This is the format the SFTTrainer works with best.

Step 4: Configure the Adapters (The "LoRA")

Now we add the "cheat sheet"—the LoRA adapters. We use peft to define our LoraConfig.

The LoRA adapter is the pair of small matrices, A and B.

LoraConfig (The "Cheat Sheet" Blueprint)

This object defines the properties of your LoRA adapters (the A and B matrices).

  • r=16: This is the Rank. It controls the "size" and "complexity" of your LoRA adapter. It sets the inner dimension of the A and B matrices. A higher rank means more trainable parameters, which can capture more complex patterns but also uses more memory. 16 is a very common, effective setting.

  • lora_alpha=32: This is the scaling factor, or "volume knob," for the adapters. The LoRA adapter's output is scaled by the ratio lora_alpha / r. In your case, 32 / 16 = 2. This means the adapter's contribution is doubled in strength, which often helps the model learn more effectively.

  • lora_dropout=0.05: This is a regularization technique. During training, it will randomly set 5% of the adapter's weights to zero. This helps prevent the model from "memorizing" your training data (overfitting) and helps it generalize better.

  • bias="none": This tells the trainer to not train the original bias terms in the linear layers. This saves a small amount of memory and is standard practice for QLoRA.

  • task_type="CAUSAL_LM": This tells the PEFT library that your goal is Causal Language Modeling (i.e., predicting the next word). This is essential for models like Mistral and Llama.

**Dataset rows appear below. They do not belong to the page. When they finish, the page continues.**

(* Let $\mathcal{A}$ be a finite set of positive integers, let $w \leqslant z$ be real numbers, and let $m_1, m_2, m_3, m_4$ be real numbers with $(m_1, m_2) \in \mathcal{U}$ and $(m_3, m_4) \in \mathcal{U}$. Writing $M^r_4 = \sum_{1 \leqslant i_1 < \cdots < i_r \leqslant 4} m_{i_1}\cdots m_{i_r}$ and $P = m_1m_2m_3m_4$, we have $$ S(\mathcal{A}, z) \leqslant S(\mathcal{A}, w) - \frac{M^3_4 - M^2_4 + M^1_4 - 1}{P} \sum_{w \leqslant p_1 < z} S(\mathcal{A}_{p_1}, w) + \frac{2(M^2_4 - 3M^1_4 + 7)}{P} \sum_{w \leqslant p_2 < p_1 < z} S(\mathcal{A}_{p_1p_2}, w) $$ $$ - \frac{6(M^1_4 - 6)}{P} \sum_{w \leqslant p_3 < p_2 < p_1 < z} S(\mathcal{A}_{p_1p_2p_3}, w) + \frac{24}{P} \sum_{w \leqslant p_4 < p_3 < p_2 < p_1 < z} S(\mathcal{A}_{p_1p_2p_3p_4}, w). $$
   Context: Throughout, $p, p_1, p_2, \dots$ denote prime numbers. For a finite set $\mathcal{A}$ of positive integers and a positive integer $d$, $\mathcal{A}_d = \{a : ad \in \mathcal{A}\}$. For real $z$, $S(\mathcal{A}, z)$ denotes the number of $a \in \mathcal{A}$ having no prime factor less than $z$. Let $T = (0,1] \cup [2,3] \cup [4,5] \cup \cdots$, i.e. $T$ is the union of $(0,1]$ and the intervals $[k-1,k]$ over all odd integers $k \geqslant 3$, and let $\mathcal{U} = \{(x_1, x_2) : x_1, x_2 \in T,\ |x_1 - x_2| \leqslant 1\}$. *)

From HB Require Import structures.
From mathcomp Require Import all_boot all_order all_algebra.
From mathcomp Require Import finmap.
From mathcomp Require Import reals.
Set Implicit Arguments. Unset Strict Implicit. Unset Printing Implicit Defensive.
Import Order.TTheory GRing.Theory Num.Theory.
Local Open Scope ring_scope.
Local Open Scope fset_scope.

(* A_d = { a : a d \in A } (for d > 0; elements of A_d are exactly b %/ d for b in A with d | b) *)
Definition subA (A : {fset nat}) (d : nat) : {fset nat} :=
  [fset (b %/ d)%N | b in A & (d %| b)%N].

Definition S {R : realType} (A : {fset nat}) (z : R) : nat :=
  #|` [fset a in A | ~~ has (fun p : nat => p%:R < z) (primes a)] |.

Definition primes_between {R : realType} (w z : R) : seq nat :=
  [seq p <- iota 0 (Num.truncn z).+1 | prime p && (w <= p%:R) && (p%:R < z)].

Definition inT {R : realType} (x : R) : Prop :=
  (0 < x <= 1) \/ exists k : nat, odd k /\ (3 <= k)%N /\ (k.-1)%:R <= x <= k%:R.

Definition inU {R : realType} (x1 x2 : R) : Prop :=
  inT x1 /\ inT x2 /\ `|x1 - x2| <= 1.

From HB Require Import structures.
From mathcomp Require Import all_boot all_order all_algebra.
From mathcomp Require Import finmap.
From mathcomp Require Import reals.
From mathcomp Require Import lra zify ring.
Set Implicit Arguments. Unset Strict Implicit. Unset Printing Implicit Defensive.
Import Order.TTheory GRing.Theory Num.Theory.
Local Open Scope ring_scope.

(* Count the contribution of each a in A to both sides. If a has a prime factor
   below w it contributes nothing, since dividing a by primes >= w keeps that
   factor. Otherwise let N be the number of primes of [w, z) dividing a: then a
   contributes 'C(N, k) to the k-fold sum, so its total weight on the right is
   (N - m1)(N - m2)(N - m3)(N - m4) / P, the coefficients of the statement being
   those of this quartic in the basis 'C(N, k). The weight is 1 for N = 0, and it
   is nonnegative for every natural N because no integer lies strictly between
   the two coordinates of a point of U; for N > 0, a has a prime factor below z
   and contributes nothing to the left. *)

Lemma coprime_neq_primes p q : prime p -> prime q -> p != q -> coprime p q.
Proof. by move=> pp pq; rewrite prime_coprime // dvdn_prime2. Qed.

Fixpoint chains_below (s : seq nat) (k p : nat) : nat :=
  if k is k'.+1 then (\sum_(q <- s | q < p) chains_below s k' q)%N else 1%N.

Lemma chains_below_rcons s x k p :
  (p <= x)%N -> chains_below (rcons s x) k p = chains_below s k p.
Proof.
elim: k p => [|k IHk] p px //=.
rewrite big_rcons ltnNge px /= addn0; apply: eq_bigr => q qp.
exact/IHk/(leq_trans (ltnW qp) px).
Qed.

Lemma sum_chains_below s k :
  sorted ltn s -> (\sum_(p <- s) chains_below s k p)%N = 'C(size s, k.+1).
Proof.
elim/last_ind: s k => [|s x IHs] k; first by rewrite big_nil.
rewrite (sorted_pairwise ltn_trans) pairwise_rcons -(sorted_pairwise ltn_trans).
case/andP=> /allP s_lt_x sorted_s.
case: k => [|k]; first by rewrite sum1_size bin1.
rewrite big_rcons size_rcons binS -!IHs //; congr (_ + _)%N.
  rewrite !big_seq; apply: eq_bigr => p /s_lt_x px.
  exact: chains_below_rcons (ltnW px).
rewrite /= big_rcons ltnn /= addn0 big_seq_cond [RHS]big_seq.
apply: eq_big => [q | q /andP[_ qx]]; first by case: (boolP (q \in s)) => // /s_lt_x ->.
exact: chains_below_rcons (ltnW qx).
Qed.

Section ChainSums.
Variable R : nzSemiRingType.

Fixpoint chain_sum_below (s : seq nat) (F : nat -> R) (k p d : nat) : R :=
  if k is k'.+1 then \sum_(q <- s | (q < p)%N) chain_sum_below s F k' q (d * q) else F d.

(* [chain_sum s F k] sums [F (p * q_1 * ... * q_k)] over the chains
   [p > q_1 > ... > q_k] of elements of [s], i.e. over (k + 1)-chains; the
   product is accumulated from the left so that it is syntactically the one of
   the statement. *)
Definition chain_sum (s : seq nat) (F : nat -> R) (k : nat) : R :=
  \sum_(p <- s) chain_sum_below s F k p p.

Lemma chain_sum_below_sum I (r : seq I) (G : I -> nat -> R) s F k p d :
  (forall e, F e = \sum_(i <- r) G i e) ->
  chain_sum_below s F k p d = \sum_(i <- r) chain_sum_below s (G i) k p d.
Proof.
move=> FG; elim: k p d => [|k IHk] p d /=; first exact: FG.
by rewrite exchange_big; apply: eq_bigr => q _; apply: IHk.
Qed.

Lemma chain_sum_sum I (r : seq I) (G : I -> nat -> R) s F k :
  (forall e, F e = \sum_(i <- r) G i e) ->
  chain_sum s F k = \sum_(i <- r) chain_sum s (G i) k.
Proof.
move=> FG; rewrite /chain_sum exchange_big; apply: eq_bigr => p _.
exact: chain_sum_below_sum.
Qed.

Section Multiplicative.
Variables (s : seq nat) (F : nat -> R) (D : pred nat).
Hypothesis s_prime : forall p, p \in s -> prime p.
Hypothesis FM : forall e q, q \in s -> coprime e q -> F (e * q)%N = F e * (D q)%:R.

Lemma chain_sum_below_mul k p d :
  (forall q, q \in s -> (q < p)%N -> coprime d q) ->
  chain_sum_below s F k p d = F d * (chains_below [seq q <- s | D q] k p)%:R.
Proof.
elim: k p d => [|k IHk] p d cop /=; first by rewrite mulr1.
rewrite natr_sum big_filter_cond mulr_sumr big_mkcondl.
rewrite big_seq_cond [RHS]big_seq_cond; apply: eq_bigr => q /andP[qs qp].
rewrite IHk ?FM ?cop //; last first.
  move=> q' q's q'q; rewrite coprimeMl cop ?(ltn_trans q'q) //=.
  by rewrite coprime_neq_primes ?s_prime ?gtn_eqF.
by case: (D q); rewrite ?mulr1 ?mulr0 ?mul0r.
Qed.

Lemma chain_sum_mul k :
  sorted ltn s -> chain_sum s F k = F 1%N * ('C(count D s, k.+1))%:R.
Proof.
move=> sorted_s; rewrite -size_filter -sum_chains_below; last first.
  by apply: sorted_filter => //; exact: ltn_trans.
rewrite /chain_sum natr_sum big_filter mulr_sumr [RHS]big_mkcond.
rewrite big_seq [RHS]big_seq; apply: eq_bigr => p ps.
have Fp : F p = F 1%N * (D p)%:R by rewrite -FM ?mul1n ?coprime1n.
rewrite chain_sum_below_mul => [|q qs qp]; last first.
  by rewrite coprime_neq_primes ?s_prime ?gtn_eqF.
by rewrite Fp; case: (D p); rewrite ?mulr1 ?mulr0 ?mul0r.
Qed.
End Multiplicative.
End ChainSums.

Lemma natr_count (R : nzSemiRingType) (T : Type) (P : pred T) (s : seq T) :
  (count P s)%:R = \sum_(x <- s) (P x)%:R :> R.
Proof. by rewrite -sum1_count natr_sum big_mkcond; apply: eq_bigr => x _; case: (P x). Qed.

Lemma natr_bin_fact (R : comNzRingType) n k :
  ('C(n, k) * k`!)%:R = \prod_(i < k) (n%:R - i%:R) :> R.
Proof.
rewrite bin_ffact ffact_prod natr_prod; case: (leqP k n) => [kn | nk].
  by apply: eq_bigr => i _; rewrite natrB // ltnW // (leq_trans (ltn_ord i) kn).
by rewrite (bigD1 (Ordinal nk)) // [RHS](bigD1 (Ordinal nk)) //= subnn subrr !mul0r.
Qed.

Section Rough.
Variable R : realDomainType.

Definition rough (y : R) (a : nat) : bool := ~~ has (fun p : nat => p%:R < y) (primes a).

Lemma roughM y m n : (0 < m)%N -> (0 < n)%N ->
  rough y (m * n) = rough y m && rough y n.
Proof.
move=> m0 n0; rewrite /rough -negb_or -has_cat.
by congr (~~ _); apply: eq_has_r => p; rewrite mem_cat primesM.
Qed.

Lemma rough_prime y p : prime p -> y <= p%:R -> rough y p.
Proof. by move=> pp yp; rewrite /rough primes_prime //= ltNge yp. Qed.

Lemma rough_le y y' a : y <= y' -> rough y' a -> rough y a.
Proof.
move=> yy; apply: contra => /hasP[p pa py]; apply/hasP; exists p => //.
exact: lt_le_trans yy.
Qed.

Lemma rough_divM y b e q : (0 < b)%N -> prime q -> y <= q%:R -> coprime e q ->
  ((e * q %| b)%N && rough y (b %/ (e * q))) = [&& (e %| b)%N, rough y (b %/ e) & (q %| b)%N].
Proof.
move=> b0 pq yq eq.
case qb: (q %| b)%N; last first.
  by rewrite !andbF; apply: contraFF qb => /andP[/(dvdn_trans (dvdn_mull e (dvdnn q)))].
rewrite andbT Gauss_dvd // qb andbT; case eb: (e %| b)%N => //=.
have eqb : (e * q %| b)%N by rewrite Gauss_dvd // eb qb.
have qbe : (q %| b %/ e)%N by rewrite dvdn_divRL // mulnC.
have bq0 : (0 < b %/ (e * q))%N by move: b0; case: (b %/ (e * q))%N (divnK eqb) => // <-.
rewrite -[(b %/ e)%N](divnK qbe) -divnMA roughM ?(prime_gt0 pq) //.
by rewrite (rough_prime pq yq) andbT.
Qed.
End Rough.

Section SieveSums.
Variable R : realType.

Lemma S_count (X : {fset nat}) (y : R) : S X y = count (rough y) X.
Proof. by rewrite /S card_imfset //= size_filter. Qed.

Lemma S_subA (A : {fset nat}) d (y : R) :
  S (subA A d) y = count (fun b => (d %| b)%N && rough y (b %/ d)) A.
Proof.
rewrite /S /subA.
have -> : [fset a in [fset (b %/ d)%N | b in A & (d %| b)%N] | rough y a]%fset =
   [fset (b %/ d)%N | b in A & (d %| b)%N && rough y (b %/ d)]%fset.
  apply/fsetP => x; rewrite inE /=; apply/andP/imfsetP.
    move=> [/imfsetP [b /= /andP[hb hd] ->] hn]; exists b => //=.
    by rewrite inE /= hb hd.
  move=> [b /= /andP[hb /andP[hd hn]] ->]; split => //.
  by apply/imfsetP; exists b => //=; rewrite inE /= hb.
rewrite card_in_imfset /= ?size_filter //.
move=> b1 b2 /andP[_ /andP[h1 _]] /andP[_ /andP[h2 _]] /= e.
by rewrite -(divnK h1) -(divnK h2) e.
Qed.

Definition sieve_sum (A : {fset nat}) (w : R) (s : seq nat) (k : nat) : R :=
  chain_sum s (fun d => (S (subA A d) w)%:R) k.

Lemma sieve_sumE (A : {fset nat}) (w : R) (s : seq nat) k :
  (forall b, b \in A -> (0 < b)%N) -> sorted ltn s ->
  (forall p, p \in s -> prime p && (w <= p%:R)) ->
  sieve_sum A w s k = \sum_(b <- A) (rough w b)%:R * ('C(count (dvdn^~ b) s, k.+1))%:R.
Proof.
move=> A_gt0 sorted_s s_prime; rewrite /sieve_sum.
rewrite (chain_sum_sum (r := A) (G := fun b d => ((d %| b)%N && rough w (b %/ d))%:R))
  => [|d]; last by rewrite S_subA natr_count.
rewrite big_seq [RHS]big_seq; apply: eq_bigr => b bA.
rewrite (chain_sum_mul (D := dvdn^~ b)) ?dvd1n ?divn1 // => [p /s_prime /andP[] //|].
by move=> e q /s_prime /andP[pq wq] eq; rewrite rough_divM ?A_gt0 // andbA -mulnb natrM.
Qed.
End SieveSums.

Section Weights.
Variable R : realType.

Lemma inT_gt0 (x : R) : inT x -> 0 < x.
Proof.
case=> [/andP[] // | [k [_ [k3 /andP[kx _]]]]].
by apply: lt_le_trans kx; rewrite ltr0n; lia.
Qed.

Lemma inT_odd_bounds (x : R) : inT x -> exists2 k, odd k & (k.-1)%:R <= x <= k%:R.
Proof.
case=> [/andP[x0 x1] | [k [ok [_ xk]]]]; last by exists k.
by exists 1%N => //; rewrite /= x1 ltW.
Qed.
Lemma thue_morse_no_triple n :
  ~ (thue_morse n = thue_morse n.+1 /\ thue_morse n.+1 = thue_morse n.+2).
Proof.
have flip c : thue_morse (2 * c) != thue_morse (2 * c).+1.
  by rewrite thue_morse_double1 thue_morse_double; case: thue_morse.
case=> e1 e2; have := odd_double_half n; rewrite -mul2n; set c := n./2.
case: odd => /= n_eq.
- rewrite (_ : n.+1 = 2 * c.+1) ?(_ : n.+2 = (2 * c.+1).+1) in e2; try lia.
  by move: (flip c.+1); rewrite e2 eqxx.
- by move: (flip c) e1; rewrite -n_eq add0n => /eqP.
Qed.

Lemma thue_morse_factor4_parity x y : odd x != odd y ->
  ~ (forall c, c < 4 -> thue_morse (x + c) = thue_morse (y + c)).
Proof.
wlog odd_y : x y / odd y.
  move=> hwlog xy; case/boolP: (odd y) => [odd_y | even_y]; first exact: hwlog.
  move=> eq4; apply: (hwlog y x) => [|| c /eq4 ->] //; last by rewrite eq_sym.
  by case: (odd x) xy; rewrite (negbTE even_y).
move=> xy eq4; have even_x : ~~ odd x by case: (odd x) xy; rewrite odd_y.
have [a x_eq] : exists a, x = 2 * a.
  by exists x./2; have := odd_double_half x; rewrite (negbTE even_x) -mul2n /=; lia.
have [b y_eq] : exists b, y = (2 * b).+1.
  by exists y./2; have := odd_double_half y; rewrite odd_y -mul2n /=; lia.
have eqc c x' y' : c < 4 -> x + c = x' -> y + c = y' -> thue_morse x' = thue_morse y'.
  by move=> /eq4 + <- <-.
have := eqc 0 (2 * a) ((2 * b).+1) isT ltac:(lia) ltac:(lia).
have := eqc 1 ((2 * a).+1) (2 * b.+1) isT ltac:(lia) ltac:(lia).
have := eqc 2 (2 * a.+1) ((2 * b.+1).+1) isT ltac:(lia) ltac:(lia).
have := eqc 3 ((2 * a.+1).+1) (2 * b.+2) isT ltac:(lia) ltac:(lia).
rewrite !thue_morse_double !thue_morse_double1 => e3 e2 e1 e0.
apply: (thue_morse_no_triple b); split.
- by move: e0 e1; case: thue_morse; case: thue_morse; case: thue_morse.
- by move: e2 e3; case: thue_morse; case: thue_morse; case: thue_morse.
Qed.

Lemma nth_flatten_uniform {T : Type} m (ws : seq (seq T)) i :
  all (fun u => size u == m) ws -> i < size ws ->
  nth [::] ws i = take m (drop (i * m) (flatten ws)).
Proof.
elim: ws i => [|u ws IHws] [|i] //= /andP[/eqP size_u all_ws] i_lt.
  by rewrite drop0 take_size_cat.
by rewrite mulSnr -drop_drop drop_size_cat // IHws.
Qed.

(* [block m i] is the factor <i m + 1, (i + 1) m>. *)
Definition block m i := [seq thue_morse x | x <- iota (i * m) m].
Definition blocks k m := [seq block m i | i <- iota 0 k].

Lemma size_block m i : size (block m i) = m.
Proof. by rewrite size_map size_iota. Qed.

Lemma tm_factor_blocks k m : tm_factor 1 (k * m) = flatten (blocks k m).
Proof.
rewrite /tm_factor subSS subn0 -[iota 1 _]/(iota (1 + 0) _) iotaDl -map_comp.
rewrite (eq_map (_ : tm \o addn 1 =1 thue_morse)) //.
elim: k => // k IHk.
by rewrite mulSnr iotaD map_cat IHk /blocks -addn1 iotaD map_cat flatten_cat /= cats0.
Qed.

Lemma block_eqP m i j : block m i = block m j <->
  forall x, x < m -> thue_morse (i * m + x) = thue_morse (j * m + x).
Proof.
split=> [eq_ij x x_lt | eq_ij].
  have := congr1 (nth false ^~ x) eq_ij.
  by rewrite /block !(nth_map 0) ?size_iota // !nth_iota.
rewrite /block -[i * m]addn0 -[j * m]addn0 !iotaDl -!map_comp.
by apply/eq_in_map => x; rewrite mem_iota => /andP[_ x_lt]; apply: eq_ij.
Qed.

Lemma anti_power_blocks k m : 0 < k -> 0 < m ->
  anti_power k (flatten (blocks k m)) <->
  forall i j, i < k -> j < k -> block m i = block m j -> i = j.
Proof.
move=> k_gt0 m_gt0; have size_blocks : all (fun u => size u == m) (blocks k m).
  by apply/allP => u /mapP[i _ ->]; rewrite size_block.
split=> [[ws [size_ws flat_ws sizes_ws uniq_ws]] | inj_blocks].
  have head_ws : size (head [::] ws) = m.
    have size_flat : size (flatten ws) = k * size (head [::] ws).
      rewrite size_flatten /shape.
      have /all_pred1P -> : all (pred1 (size (head [::] ws))) (map size ws) by rewrite all_map.
      by rewrite size_map size_ws sumn_nseq mulnC.
    apply/eqP; rewrite -(eqn_pmul2l k_gt0) -size_flat flat_ws -tm_factor_blocks.
    by rewrite size_map size_iota subn1.
  rewrite head_ws in sizes_ws.
  have ws_blocks l : l < k -> nth [::] ws l = block m l.
    move=> l_lt; rewrite (nth_flatten_uniform m) ?size_ws // flat_ws.
    rewrite -(nth_flatten_uniform m) ?size_map ?size_iota //.
    by rewrite (nth_map 0) ?size_iota // nth_iota.
  move=> i j i_lt j_lt; rewrite -ws_blocks // -ws_blocks //.
  by move/eqP; rewrite nth_uniq ?size_ws // => /eqP.
exists (blocks k m); split=> //; first by rewrite size_map size_iota.
  by case: k k_gt0 size_blocks {inj_blocks} => // k _; rewrite /= size_block.
rewrite map_inj_in_uniq ?iota_uniq // => i j; rewrite !mem_iota.
by move=> /andP[_ i_lt] /andP[_ j_lt]; apply: inj_blocks.
Qed.

Lemma inF_blocks k m : 0 < k -> odd m ->
  inF k m <-> forall i j, i < k -> j < k -> block m i = block m j -> i = j.
Proof.
move=> k_gt0 odd_m; have m_gt0 : 0 < m by case: m odd_m.
rewrite /inF tm_factor_blocks -anti_power_blocks //.
by split=> [[_ []] | ].
Qed.

Lemma thue_morse_coarse e q r c : r < 2 ^ e ->
  thue_morse (2 ^ e * q + r + c * 2 ^ e) = thue_morse (q + c) (+) thue_morse r.
Proof.
by move=> r_lt; rewrite (_ : _ + c * 2 ^ e = 2 ^ e * (q + c) + r) ?thue_morse_addpow //; ring.
Qed.

Lemma blocks_distinct n m i j : odd m -> 3 * 2 ^ n < m -> i < j -> j < 2 ^ n.+1 ->
  block m i != block m j.
Proof.
move=> odd_m m_gt i_lt_j j_lt; apply/negP => /eqP/block_eqP eq_ij.
have [|u odd_u ji_eq] := pfactor_coprime (isT : prime 2) (_ : 0 < j - i); first lia.
rewrite coprime2n in odd_u; set e := logn 2 (j - i) in ji_eq.
have e_le : e <= n.
  rewrite -ltnS -(ltn_exp2l _ _ (ltnSn 1)); apply: leq_ltn_trans (_ : j - i < _); last by lia.
  by rewrite ji_eq leq_pmull //; case: (u) odd_u.
set q := i * m %/ 2 ^ e; set r := i * m %% 2 ^ e.
have r_lt : r < 2 ^ e by rewrite ltn_pmod ?expn_gt0.
have im_eq : i * m = 2 ^ e * q + r by rewrite /q /r [2 ^ e * _]mulnC -divn_eq.
have jm_eq : j * m = 2 ^ e * (q + u * m) + r.
  rewrite (_ : j = i + (j - i)) 1?ji_eq; last by lia.
  by rewrite mulnDl im_eq; ring.
apply: (@thue_morse_factor4_parity q (q + u * m)).
  by rewrite oddD oddM odd_u odd_m; case: odd.
move=> c c_lt; apply: (@addIb (thue_morse r)).
rewrite -(thue_morse_coarse _ q _ c r_lt) -(thue_morse_coarse _ (q + u * m) _ c r_lt).
rewrite -im_eq -jm_eq; apply: eq_ij.
by apply: leq_ltn_trans m_gt; apply: leq_mul; rewrite ?leq_exp2l //; lia.
Qed.

Lemma inF_pow2 n m : odd m -> 3 * 2 ^ n < m -> inF (2 ^ n.+1) m.
Proof.
move=> odd_m m_gt; apply/inF_blocks => //; first exact: expn_gt0.
move=> i j i_lt j_lt eq_ij; case: (ltngtP i j) => // [ij | ji].
- by move: (blocks_distinct _ _ _ _ odd_m m_gt ij j_lt); rewrite eq_ij eqxx.
- by move: (blocks_distinct _ _ _ _ odd_m m_gt ji i_lt); rewrite eq_ij eqxx.
Qed.

Lemma thue_morse_lift b L q q' r m : r < 2 ^ b -> r + m <= L.+1 * 2 ^ b ->
  (forall c, c <= L -> thue_morse (q + c) = thue_morse (q' + c)) ->
  forall x, x < m -> thue_morse (2 ^ b * q + r + x) = thue_morse (2 ^ b * q' + r + x).
Proof.
move=> r_lt rm_le eqL x x_lt; have pow_gt0 : 0 < 2 ^ b := expn_gt0 2 b.
set c := (r + x) %/ 2 ^ b; set s := (r + x) %% 2 ^ b.
have rx_eq : r + x = c * 2 ^ b + s := divn_eq _ _.
have c_le : c <= L by rewrite -ltnS ltn_divLR //; lia.
have split_at p : 2 ^ b * p + r + x = 2 ^ b * (p + c) + s.
  by rewrite -addnA rx_eq mulnDr addnA [c * _]mulnC.
by rewrite !split_at !thue_morse_addpow ?ltn_pmod // eqL.
Qed.

Lemma bad_of_block_eq k m i j : odd m -> i < j -> j < k ->
  block m i = block m j -> bad k m.
Proof.
move=> odd_m i_lt_j j_lt eq_ij; split=> //; split; first by case: m odd_m {eq_ij}.
rewrite inF_blocks //; last by lia.
by move=> inj_blocks; move: (inj_blocks i j ltac:(lia) j_lt eq_ij); lia.
Qed.

Lemma bad_of_shift k m b i q r : odd m -> i + 2 ^ b < k ->
  i * m = 2 ^ b * q + r -> r < 2 ^ b -> r + m <= 3 * 2 ^ b ->
  (forall c, c <= 2 -> thue_morse (q + c) = thue_morse (q + m + c)) -> bad k m.
Proof.
move=> odd_m i_lt im_eq r_lt rm_le eq3.
apply: (bad_of_block_eq _ _ i (i + 2 ^ b) odd_m _ i_lt).
  by rewrite -[ltnLHS]addn0 ltn_add2l expn_gt0.
apply/block_eqP => x x_lt.
rewrite im_eq (_ : (i + 2 ^ b) * m = 2 ^ b * (q + m) + r); last by rewrite mulnDl im_eq; ring.
exact: (thue_morse_lift _ 2 _ _ _ _ r_lt rm_le eq3).
Qed.

Lemma bad_double_sub1 k b : 2 ^ b.+2 + 2 < k -> bad k (2 * 2 ^ b.+2 - 1).
Proof.
set N := 2 ^ b.+2 => N_lt; have N_ge4 : 4 <= N by rewrite /N !expnS; have := expn_gt0 2 b; lia.
apply: (bad_of_shift _ _ b.+2 2 3 (N - 2)) => //; try lia.
move=> c c_le; rewrite (_ : 3 + (2 * N - 1) + c = 2 ^ b.+3 * 1 + (2 + c)); last first.
  by rewrite expnS -/N; lia.
rewrite thue_morse_addpow; last by rewrite !expnS; have := expn_gt0 2 b; lia.
by case: c c_le => [|[|[|]]].
Qed.

Lemma bad_triple_sub3 k a i : odd a -> 3 * i + 1 = 2 ^ a.+3 -> i + 2 ^ a.+3 < k ->
  bad k (3 * 2 ^ a.+3 - 3).
Proof.
set N := 2 ^ a.+3; set A := 2 ^ a => odd_a i_eq i_lt.
have N_eq : N = 8 * A by rewrite /N /A !expnS; lia.
have A_gt0 : 0 < A := expn_gt0 2 a.
apply: (bad_of_shift _ _ a.+3 i (N - 2) 1) => //; try (rewrite -/N; nia).
move=> c c_le; rewrite (_ : N - 2 + (3 * N - 3) + c = 2 ^ 5 * (A - 1) + (27 + c)); last by lia.
rewrite thue_morse_addpow; last by lia.
case: (ltnP c 2) => [c_lt | c_ge].
  rewrite (_ : N - 2 + c = 2 ^ 3 * (A - 1) + (6 + c)) ?thue_morse_addpow; try lia.
  by case: c {c_le} c_lt => [|[|]].
rewrite (_ : c = 2) ?subnK ?thue_morse_pow2 ?thue_morse_pow2_sub1 ?odd_a //; lia.
Qed.

Lemma bad_triple_sub9 k a i : 3 * i + 2 = 2 ^ a.+3 -> i + 2 ^ a.+3 < k ->
  bad k (3 * 2 ^ a.+3 - 9).
Proof.
set N := 2 ^ a.+3; set A := 2 ^ a => i_eq i_lt.
have N_eq : N = 8 * A by rewrite /N /A !expnS; lia.
have A_gt0 : 0 < A := expn_gt0 2 a.
apply: (bad_of_shift _ _ a.+3 i (N - 5) 6) => //; try (rewrite -/N; nia).
move=> c c_le; rewrite (_ : N - 5 + (3 * N - 9) + c = 2 ^ 5 * (A - 1) + (18 + c)); last by lia.
rewrite (_ : N - 5 + c = 2 ^ 3 * (A - 1) + (3 + c)) ?thue_morse_addpow; try lia.
by case: c c_le => [|[|[|]]].
Qed.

  • target_modules="all-linear": This is one of the most important lines. It tells PEFT to find every single Linear layer in the model (the q_proj, k_proj, v_proj, o_proj, and mlp layers) and attach a LoRA adapter to all of them. This is the most effective and common strategy.

from peft import LoraConfig, get_peft_model, prepare_model_for_kbit_training

# 1. Prepare the model for k-bit training
model = prepare_model_for_kbit_training(model)

# 2. Configure LoRA
# This is where we define our "cheat sheet"
peft_config = LoraConfig(
    r=16,  # The "rank" of the adapter matrices. Higher = more parameters, but potentially more expressive.
    lora_alpha=32,  # The scaling factor (alpha)
    lora_dropout=0.05,  # Dropout for regularization
    bias="none",
    task_type="CAUSAL_LM",
    target_modules="all-linear" # Apply LoRA to all linear layers
)

# 3. Apply LoRA to the model
model = get_peft_model(model, peft_config)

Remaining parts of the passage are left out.